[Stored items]
::::::::
(* A measurable set containing the band of vertical half-width [h] around the
   graph of [g] over [[a, b]] has planar measure at least [(b - a) * 2h]:
   each vertical section over [[a, b]] contains an interval of length [2h]. *)
Lemma band_le_measure (a b h : R) (g : R -> R)
    (U : set (measurableTypeR R * measurableTypeR R)) :
  a <= b -> 0 <= h -> measurable U ->
  (forall u v, a <= u <= b -> g u - h <= v <= g u + h -> U (u, v)) ->
  (((b - a) * (h *+ 2))%:E <= mu2 U)%E.
Proof.
move=> ab h0 mU HU; rewrite /product_measure1.
have -> : ((b - a) * (h *+ 2))%:E =
    (\int[mu]_x ((\1_(`[a, b] : set (measurableTypeR R)) x)%:E * (h *+ 2)%:E))%E.
  rewrite ge0_integralZr//; last by rewrite lee_fin mulrn_wge0.
    rewrite integral_indic// setIT EFinM; congr (_ * _)%E.
    symmetry; apply: eq_trans (lebesgue_itv_Rmax a b) _; congr EFin.
    by rewrite Rmax_right //; apply/RleP; rewrite subr_ge0.
  by apply/measurable_EFinP; exact: measurable_indic.
apply: ge0_le_integral => //.
- by move=> x _; rewrite mule_ge0 // lee_fin mulrn_wge0.
- under eq_fun do rewrite -EFinM.
  by apply/measurable_EFinP; apply: measurable_funM => //; exact: measurable_indic.
- exact: measurable_fun_xsection.
move=> x _ /=; rewrite indicE; case: (boolP (x \in _)) => xab; last first.
  by rewrite /= mul0e measure_ge0.
rewrite mul1e.
have -> : ((h *+ 2)%:E = mu `[(g x - h)%R, (g x + h)%R])%E.
  rewrite lebesgue_itv_Rmax RminusE; congr EFin.
  have -> : (g x + h) - (g x - h) = h *+ 2 by rewrite opprB addrC addrA subrK mulr2n.
  by rewrite Rmax_right //; apply/RleP; rewrite mulrn_wge0.
apply: le_measure; rewrite ?inE; [exact: measurable_itv | exact: (measurable_xsection x mU) |].
move=> y /= yI; rewrite /xsection /= inE; apply: HU => //.
by move: xab; rewrite inE /= in_itv.
Qed.

Lemma sum_f_R0_big (f : nat -> R) (n : nat) :
  sum_f_R0 f n = \sum_(0 <= i < n.+1) f i.
Proof. elim: n => [|n IH]; first by rewrite big_nat1. by rewrite big_nat_recr //= -IH. Qed.

Lemma area_ge_of_series_bound (S : pt -> Prop) (t : R) :
  (forall Q : nat -> rect, (forall z, S z -> exists i, in_rect (Q i) z) ->
     (t%:E <= \sum_(0 <= i <oo) (rect_area (Q i))%:E)%E) -> area_ge S t.
Proof.
move=> H Q HQ eps eps0.
have f0 i : 0 <= rect_area (Q i).
  by rewrite /rect_area; apply/RleP; apply: Rmult_le_pos; apply: Rmax_l.
apply: NNPP => Hn.
have lt N : sum_f_R0 (fun i => rect_area (Q i)) N < t - eps.
  by apply/RltP; apply: Rnot_le_lt => Hle; apply: Hn; exists N.
have : (\sum_(0 <= i <oo) (rect_area (Q i))%:E <= (t - eps)%:E)%E.
  apply: lime_le; first by apply: is_cvg_nneseries => n _ _; rewrite lee_fin.
  apply: nearW => -[|n].
    by rewrite big_geq // lee_fin; apply: (le_trans (f0 0%N)); exact: ltW (lt 0%N).
  by rewrite sumEFin lee_fin -sum_f_R0_big; exact: ltW (lt n).
move=> /(le_trans (H Q HQ)); rewrite lee_fin => /RleP Hc.
have : Rlt 0 eps by exact: eps0.
have : Rle t (Rminus t eps) by exact: Hc.
lra.
Qed.

Lemma graph_band_area (a b h : R) (g : R -> R) (S : pt -> Prop) :
  a <= b -> 0 <= h ->
  (forall u v, a <= u <= b -> g u - h <= v <= g u + h -> S (u, v)) ->
  area_ge S ((b - a) * (h *+ 2)).
Proof.
move=> ab h0 HS; apply: area_ge_of_series_bound => Q HQ.
pose U := \bigcup_i rect_set (Q i).
have mU : measurable U by apply: bigcupT_measurable => i; exact: rect_set_measurable.
have HU u v : a <= u <= b -> g u - h <= v <= g u + h -> U (u, v).
  move=> uab vg; have [i Hi] := HQ (u, v) (HS u v uab vg); exists i => //.
  by case: Hi => -[h1 h2] [h3 h4]; split; rewrite /= in_itv /=; apply/andP; split; apply/RleP.
apply: (le_trans (band_le_measure a b h g U ab h0 mU HU)).
rewrite -(eq_eseriesr (fun i _ => rect_set_measure (Q i))).
exact: measure_sigma_subadditive (fun i => rect_set_measurable (Q i)) mU (fun z Uz => Uz).
Qed.

Local Open Scope R_scope.

Lemma graph_band_area_R (a b h : R) (g : R -> R) (S : pt -> Prop) :
  a <= b -> 0 <= h ->
  (forall u v, a <= u <= b -> Rabs (v - g u) <= h -> S (u, v)) ->
  area_ge S ((b - a) * (2 * h)).
Proof.
move=> ab h0 HS.
have -> : 2 * h = GRing.natmul h 2 by rewrite mulr2n -RplusE; lra.
apply: (graph_band_area a b h g S); [exact/RleP | exact/RleP |].
move=> u v /andP[/RleP H1 /RleP H2]; rewrite -RminusE -RplusE.
move=> /andP[/RleP H3 /RleP H4].
by apply: HS; [split | apply: Rabs_le; split; lra].
Qed.

End PlanarLebesgue.

Lemma area_ge_weaken (S : pt -> Prop) (t t' : R) :
  area_ge S t -> t' <= t -> area_ge S t'.
Proof.
  intros H Ht Q HQ eps Heps; destruct (H Q HQ eps Heps) as [N HN]; exists N; lra.
Qed.

Definition swap (z : pt) : pt := (snd z, fst z).

Lemma area_ge_swap (S : pt -> Prop) (t : R) :
  area_ge (fun z => S (swap z)) t -> area_ge S t.
Proof.
  intros H Q HQ eps Heps.
  set (Q' := fun i => mkRect (ra2 (Q i)) (rb2 (Q i)) (ra1 (Q i)) (rb1 (Q i))).
  destruct (H Q' ltac:(intros [z1 z2] Hz; destruct (HQ _ Hz) as [i Hi]; exists i;
                       unfold in_rect in *; simpl in *; tauto) eps Heps) as [N HN].
  exists N; replace (sum_f_R0 (fun i => rect_area (Q i)) N)
    with (sum_f_R0 (fun i => rect_area (Q' i)) N); [exact HN|].
  apply sum_eq; intros i _; unfold Q', rect_area; simpl; ring.
Qed.

Definition contains_band (S : pt -> Prop) (x e : pt) (t1 t2 h : R) : Prop :=
  forall t q, t1 <= t <= t2 -> Rabs (fst q) + Rabs (snd q) <= h ->
    S (fst x + t * fst e + fst q, snd x + t * snd e + snd q).

Lemma contains_band_flip (S : pt -> Prop) (x e : pt) (t1 t2 h : R) :
  contains_band S x e t1 t2 h ->
  contains_band S x (- fst e, - snd e) (- t2) (- t1) h.
Proof.
  intros H t q Ht Hq; simpl.
  replace (t * - fst e) with (- t * fst e) by ring.
  replace (t * - snd e) with (- t * snd e) by ring.
  apply H; [lra | exact Hq].
Qed.

Lemma contains_band_swap (S : pt -> Prop) (x e : pt) (t1 t2 h : R) :
  contains_band S x e t1 t2 h ->
  contains_band (fun z => S (swap z)) (swap x) (swap e) t1 t2 h.
Proof.
  intros H t q Ht Hq; apply (H t (swap q) Ht); simpl; lra.
Qed.

(* If the direction has first coordinate [k >= 1/2], the band contains the
   vertical band of half-width [h] around the graph of the segment over an
   interval of length [k (t2 - t1)], of area [2 k (t2 - t1) h]. *)
Lemma contains_band_area_leading (S : pt -> Prop) (x e : pt) (t1 t2 h : R) :
  1/2 <= fst e -> t1 <= t2 -> 0 <= h -> contains_band S x e t1 t2 h ->
  area_ge S ((t2 - t1) * h).
Proof.
  destruct e as [k m]; simpl; intros He Ht Hh HS.
  apply area_ge_weaken with (k * (t2 - t1) * (2 * h)).
  2: { assert (0 <= (2 * k - 1) * ((t2 - t1) * h)) by (apply Rmult_le_pos; nra). nra. }
  replace (k * (t2 - t1)) with ((fst x + k * t2) - (fst x + k * t1)) by ring.
  apply (PlanarLebesgue.graph_band_area_R _ _ h (fun u => snd x + m * ((u - fst x) / k)));
    [nra | exact Hh |].
  intros u v Hu Hv.
  set (t := (u - fst x) / k) in *.
  assert (Hut : u = fst x + t * k) by (unfold t; field; lra).
  clearbody t.
  replace (u, v) with (fst x + t * k + 0, snd x + t * m + (v - (snd x + m * t)))
    by (f_equal; [lra | ring]).
  apply (HS t (0, v - (snd x + m * t))); simpl.
  - split; apply (Rmult_le_reg_r k); lra.
  - rewrite Rabs_R0; lra.
Qed.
::::::::
Task item:
With the line holding "each vertical section" as the first and the line holding "have -> : ((b" as the last, set down that range of the entries above exactly, and nothing else.

Answer to the problem:
   each vertical section over [[a, b]] contains an interval of length [2h]. *)
Lemma band_le_measure (a b h : R) (g : R -> R)
    (U : set (measurableTypeR R * measurableTypeR R)) :
  a <= b -> 0 <= h -> measurable U ->
  (forall u v, a <= u <= b -> g u - h <= v <= g u + h -> U (u, v)) ->
  (((b - a) * (h *+ 2))%:E <= mu2 U)%E.
Proof.
move=> ab h0 mU HU; rewrite /product_measure1.
have -> : ((b - a) * (h *+ 2))%:E =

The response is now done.